▶ [Problem description]: Find "by split=> //; apply: premises_in_sub Wgs." in the records that follow; print that line and each subsequent line through the last one, verbatim and with nothing added.

(Stored data)
(* Let $T$ be a bounded saturation theory, let $G$ and $E$ be finite sets of predicates of $T$, and let $G' \subseteq G$. Let $N := D_T(G\cup\widetilde{E})$. For $0 \le i \le N$, let $W_S^i$ be the set $W$ of the symbolic procedure $\mathit{SDP}_T(G,E)$ after $i$ iterations of its saturation loop (step (2)), and let $W^i$ be the set $W$ of the saturation procedure run on input $G'\cup\widetilde{E}$ after $i$ iterations of its loop. Then for every $0 \le i \le N$: (1) $W^i \subseteq W_S^i$; and (2) for every predicate $g \in W_S^i$, $[\tau_{(g,i)}]_{G'} = {\tt true}$ if and only if $g \in W^i$.
   Context: A predicate is an atomic formula or its negation; a finite set of predicates is identified with the conjunction of its elements. The theory $T$ comes with inference rules; a rule instance is written $g \mathrel{:-} g_1,\dots,g_k$, meaning that $g$ (a predicate, or the contradiction symbol $\bot$) can be derived in one step from predicates $g_1,\dots,g_k$. For a set $H$ of predicates, $\widetilde{H} := \{\neg h : h \in H\}$. Saturation procedure $\mathrm{Sat}_N(H)$ (for a finite set $H$ of predicates and integer $N\ge 0$): (1) $W := H$. (2) Repeat $N$ times: set $W' := W$; for every predicate $g \notin W'$ for which there is a rule instance $g \mathrel{:-} g_1,\dots,g_k$ with all $g_j \in W'$, add $g$ to $W$. (3) If there is a rule instance $\bot \mathrel{:-} g_1,\dots,g_k$ with all $g_j\in W$, return UNSATISFIABLE, otherwise SATISFIABLE. $T$ is a bounded saturation theory if there is a function $d_T$ assigning to each finite set $H$ of predicates a natural number $d_T(H)$ such that for every $N \ge d_T(H)$, $\mathrm{Sat}_N(H)$ returns UNSATISFIABLE iff $H$ is unsatisfiable in $T$. For a finite set $S$, $D_T(S) := \max\{d_T(S') : S' \subseteq S\}$. Symbolic decision procedure $\mathit{SDP}_T(G,E)$: introduce a Boolean variable $b_g$ for each $g\in G$ (the set $B_G$). Let $N := D_T(G\cup\widetilde{E})$. (1) $W := G \cup \widetilde{E}$; set $\tau_{(g,0)} := b_g$ for $g\in G$ and $\tau_{(\neg e_i,0)} := {\tt true}$ for $e_i\in E$. (2) For $i = 1,\dots,N$: $W' := W$; set $S(g) := \emptyset$ for every predicate $g$; for every $g\in W'$ add $\tau_{(g,i-1)}$ to $S(g)$; for every predicate $g$ and every rule instance $g \mathrel{:-} g_1,\dots,g_k$ with all $g_m \in W'$, add the conjunction $\bigwedge_{m=1}^k \tau_{(g_m,i-1)}$ to $S(g)$ and add $g$ to $W$; then for each $g \in W$ set $\tau_{(g,i)} := \bigvee_{d\in S(g)} d$ and $\tau_{(g,\top)} := \tau_{(g,i)}$. (3) Let $S(e)$ be the set of conjunctions $\bigwedge_{m=1}^k \tau_{(g_m,\top)}$ over all rule instances $\bot \mathrel{:-} g_1,\dots,g_k$ with $\{g_1,\dots,g_k\}\subseteq W$, and set $\tau_e := \bigvee_{d\in S(e)} d$. (4) Return $\tau_e$. For a Boolean expression $\tau$ with leaves in $B_G$ (or constants) and $G'\subseteq G$, $[\tau]_{G'}$ is the truth value of $\tau$ obtained by replacing each leaf $b_g$ by ${\tt true}$ if $g\in G'$ and ${\tt false}$ otherwise, with $\wedge,\vee$ interpreted as usual. *)

From HB Require Import structures.
From mathcomp Require Import all_boot.
From mathcomp Require Import finmap.

Set Implicit Arguments.
Unset Strict Implicit.
Unset Printing Implicit Defensive.

Local Open Scope fset_scope.

(* A theory T: a type of predicates (atomic formulas or their negations),
   a negation operation on predicates, rule instances
     g :- g_1, ..., g_k   (rule (Some g) [:: g_1; ...; g_k])
     bot :- g_1, ..., g_k (rule None [:: g_1; ...; g_k]),
   and the (abstract) semantic notion of unsatisfiability of a finite set of
   predicates (identified with their conjunction). *)
Record theory := Theory {
  tpred : choiceType;
  tneg : tpred -> tpred;
  trule : option tpred -> seq tpred -> Prop;
  tunsat : {fset tpred} -> Prop
}.

Section Defs.
Variable T : theory.
Local Notation P := (tpred T).

Definition tilde (H : {fset P}) : {fset P} := [fset tneg h | h in H].

Definition premises_in (W : P -> Prop) (gs : seq P) : Prop :=
  forall x, x \in gs -> W x.

Fixpoint satW (H : {fset P}) (i : nat) : P -> Prop :=
  match i with
  | 0 => fun g => is_true (g \in H)
  | i'.+1 => fun g => satW H i' g \/
      exists gs, trule (Some g) gs /\ premises_in (satW H i') gs
  end.

Definition Sat_unsat (N : nat) (H : {fset P}) : Prop :=
  exists gs, trule None gs /\ premises_in (satW H N) gs.

Definition bounded_saturation (d : {fset P} -> nat) : Prop :=
  forall (H : {fset P}) (N : nat), d H <= N -> (Sat_unsat N H <-> tunsat H).

Definition DT (d : {fset P} -> nat) (S : {fset P}) : nat :=
  \max_(S' <- fpowerset S) d S'.

End Defs.

(* Boolean expressions with leaves b_g (variables indexed by predicates) or
   constants; conjunctions are finite, disjunctions are indexed by an
   arbitrary type (the set S(g) of disjuncts). *)
Inductive bexp (V : Type) : Type :=
| BVar : V -> bexp V
| BConst : bool -> bexp V
| BAnd : seq (bexp V) -> bexp V
| BOr : forall I : Type, (I -> bexp V) -> bexp V.

(* [tau]_{G'}: leaf b_g is true iff g in G'. *)
Fixpoint beval (V : Type) (v : V -> Prop) (t : bexp V) : Prop :=
  match t with
  | BVar x => v x
  | BConst b => b = true
  | BAnd s => (fix all_ev (s : seq (bexp V)) : Prop :=
                 match s with
                 | [::] => True
                 | t :: s' => beval v t /\ all_ev s'
                 end) s
  | BOr _ f => exists i, beval v (f i)
  end.

Section SDP.
Variable T : theory.
Local Notation P := (tpred T).
Variables G E : {fset P}.

(* The disjuncts of S(g) at iteration i are indexed by
   None (the term tau_(g,i-1), present iff g in W') or
   Some gs (a rule instance g :- gs with all premises in W'). *)
Definition sdp_index (W' : P -> Prop) (g : P) : Type :=
  {x : option (seq P) |
     match x with
     | None => W' g
     | Some gs => trule (Some g) gs /\ premises_in W' gs
     end}.

Fixpoint sdp_state (i : nat) : (P -> Prop) * (P -> bexp P) :=
  match i with
  | 0 => (fun g => is_true (g \in G `|` tilde E),
          fun g => if g \in tilde E then BConst P true
                   else if g \in G then BVar g else BConst P false)
  | i'.+1 =>
      let W' := (sdp_state i').1 in
      let tau' := (sdp_state i').2 in
      (fun g => W' g \/ exists gs, trule (Some g) gs /\ premises_in W' gs,
       fun g => BOr (fun x : sdp_index W' g =>
                  match sval x with
                  | None => tau' g
                  | Some gs => BAnd (map tau' gs)
                  end))
  end.

Definition sdpW (i : nat) : P -> Prop := (sdp_state i).1.
Definition sdp_tau (i : nat) (g : P) : bexp P := (sdp_state i).2 g.

End SDP.

From HB Require Import structures.
From mathcomp Require Import all_boot.
From mathcomp Require Import finmap.
Local Open Scope fset_scope.

(* Each disjunct of S(g) at step i mirrors one way the concrete run can put g
   into W^i (g was already there, or a rule fires from premises in W^i), and
   evaluating tau under G' decides exactly whether that way is available;
   hence [tau_(g,i)]_G' holds iff g is in W^i, for every predicate g, not
   only those in W_S^i. *)

Lemma beval_BAnd_map (P : eqType) (v : P -> Prop) (tau : P -> bexp P) (gs : seq P) :
  beval v (BAnd (map tau gs)) <-> (forall h, h \in gs -> beval v (tau h)).
Proof.
elim: gs => [|a gs IH] /=; first by split.
change (beval v (tau a) /\ beval v (BAnd (map tau gs)) <->
  (forall h, h \in a :: gs -> beval v (tau h))).
rewrite IH; split=> [[Ha Hgs] h|Hags].
- by rewrite in_cons => /predU1P [->|/Hgs].
- by split=> [|h hgs]; apply: Hags; rewrite in_cons ?eqxx ?hgs ?orbT.
Qed.

Section SymbolicSaturation.
Variable T : theory.
Variables G E G' : {fset tpred T}.
Hypothesis sub_G'G : G' `<=` G.

Local Notation W i := (satW (G' `|` tilde E) i).
Local Notation WS i := (sdpW G E i).
Local Notation eval t := (beval (fun x => x \in G') t).

Lemma premises_in_sub {W1 W2 : tpred T -> Prop} {gs : seq (tpred T)} :
  (forall g, W1 g -> W2 g) -> premises_in W1 gs -> premises_in W2 gs.
Proof. by move=> W12 W1gs x /W1gs /W12. Qed.

Lemma satW_sub_sdpW i g : W i g -> WS i g.
Proof.
elim: i g => [|i IH] g /=.
- by rewrite /sdpW /= !inE => /orP [/(fsubsetP sub_G'G)->|->]; rewrite ?orbT.
- case=> [/IH Wg|[gs [rule_gs Wgs]]]; [left | right; exists gs] => //.
  by split=> //; apply: premises_in_sub Wgs.
Qed.

Lemma eval_sdp_tau0 g : eval (sdp_tau G E 0 g) <-> W 0 g.
Proof.
rewrite /sdp_tau /= !inE; case: (boolP (g \in tilde E)) => gE /=; first by rewrite orbT.
rewrite orbF; case: (boolP (g \in G)) => gG //=.
by split=> // /(fsubsetP sub_G'G); rewrite (negPf gG).
Qed.

Lemma eval_sdp_tau i g : eval (sdp_tau G E i g) <-> W i g.
Proof.
elim: i g => [|i IH] g; first exact: eval_sdp_tau0.
have eval_premises gs :
    eval (BAnd (map (sdp_tau G E i) gs)) <-> premises_in (W i) gs.
  rewrite beval_BAnd_map /premises_in.
  by split=> Hgs x /Hgs /IH.
rewrite /sdp_tau /=; split.
- case=> [[[gs|] /= index_gs]].
  + by case: index_gs => rule_gs _ /eval_premises Wgs; right; exists gs.
  + by move/IH; left.
- case=> [Wg | [gs [rule_gs Wgs]]].
  + by exists (exist _ None (satW_sub_sdpW _ _ Wg)); apply/IH.
  + have WSgs := premises_in_sub (satW_sub_sdpW i) Wgs.
    by exists (exist _ (Some gs) (conj rule_gs WSgs)); apply/eval_premises.
Qed.

End SymbolicSaturation.

Theorem lemma3p4 (T : theory) (d : {fset tpred T} -> nat)
  (hT : bounded_saturation d) (G E G' : {fset tpred T}) (hG' : G' `<=` G) :
  let N := DT d (G `|` tilde E) in
  forall i : nat, i <= N ->
    (forall g, satW (G' `|` tilde E) i g -> sdpW G E i g) /\
    (forall g, sdpW G E i g ->
       (beval (fun x => x \in G') (sdp_tau G E i g) <-> satW (G' `|` tilde E) i g)).
Proof.
move=> N i _; split=> [g | g _].
- exact: satW_sub_sdpW.
- exact: eval_sdp_tau.
Qed.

▶ [Task output]:
  by split=> //; apply: premises_in_sub Wgs.
Qed.

Lemma eval_sdp_tau0 g : eval (sdp_tau G E 0 g) <-> W 0 g.
Proof.
rewrite /sdp_tau /= !inE; case: (boolP (g \in tilde E)) => gE /=; first by rewrite orbT.
rewrite orbF; case: (boolP (g \in G)) => gG //=.
by split=> // /(fsubsetP sub_G'G); rewrite (negPf gG).
Qed.

Lemma eval_sdp_tau i g : eval (sdp_tau G E i g) <-> W i g.
Proof.
elim: i g => [|i IH] g; first exact: eval_sdp_tau0.
have eval_premises gs :
    eval (BAnd (map (sdp_tau G E i) gs)) <-> premises_in (W i) gs.
  rewrite beval_BAnd_map /premises_in.
  by split=> Hgs x /Hgs /IH.
rewrite /sdp_tau /=; split.
- case=> [[[gs|] /= index_gs]].
  + by case: index_gs => rule_gs _ /eval_premises Wgs; right; exists gs.
  + by move/IH; left.
- case=> [Wg | [gs [rule_gs Wgs]]].
  + by exists (exist _ None (satW_sub_sdpW _ _ Wg)); apply/IH.
  + have WSgs := premises_in_sub (satW_sub_sdpW i) Wgs.
    by exists (exist _ (Some gs) (conj rule_gs WSgs)); apply/eval_premises.
Qed.

End SymbolicSaturation.

Theorem lemma3p4 (T : theory) (d : {fset tpred T} -> nat)
  (hT : bounded_saturation d) (G E G' : {fset tpred T}) (hG' : G' `<=` G) :
  let N := DT d (G `|` tilde E) in
  forall i : nat, i <= N ->
    (forall g, satW (G' `|` tilde E) i g -> sdpW G E i g) /\
    (forall g, sdpW G E i g ->
       (beval (fun x => x \in G') (sdp_tau G E i g) <-> satW (G' `|` tilde E) i g)).
Proof.
move=> N i _; split=> [g | g _].
- exact: satW_sub_sdpW.
- exact: eval_sdp_tau.
Qed.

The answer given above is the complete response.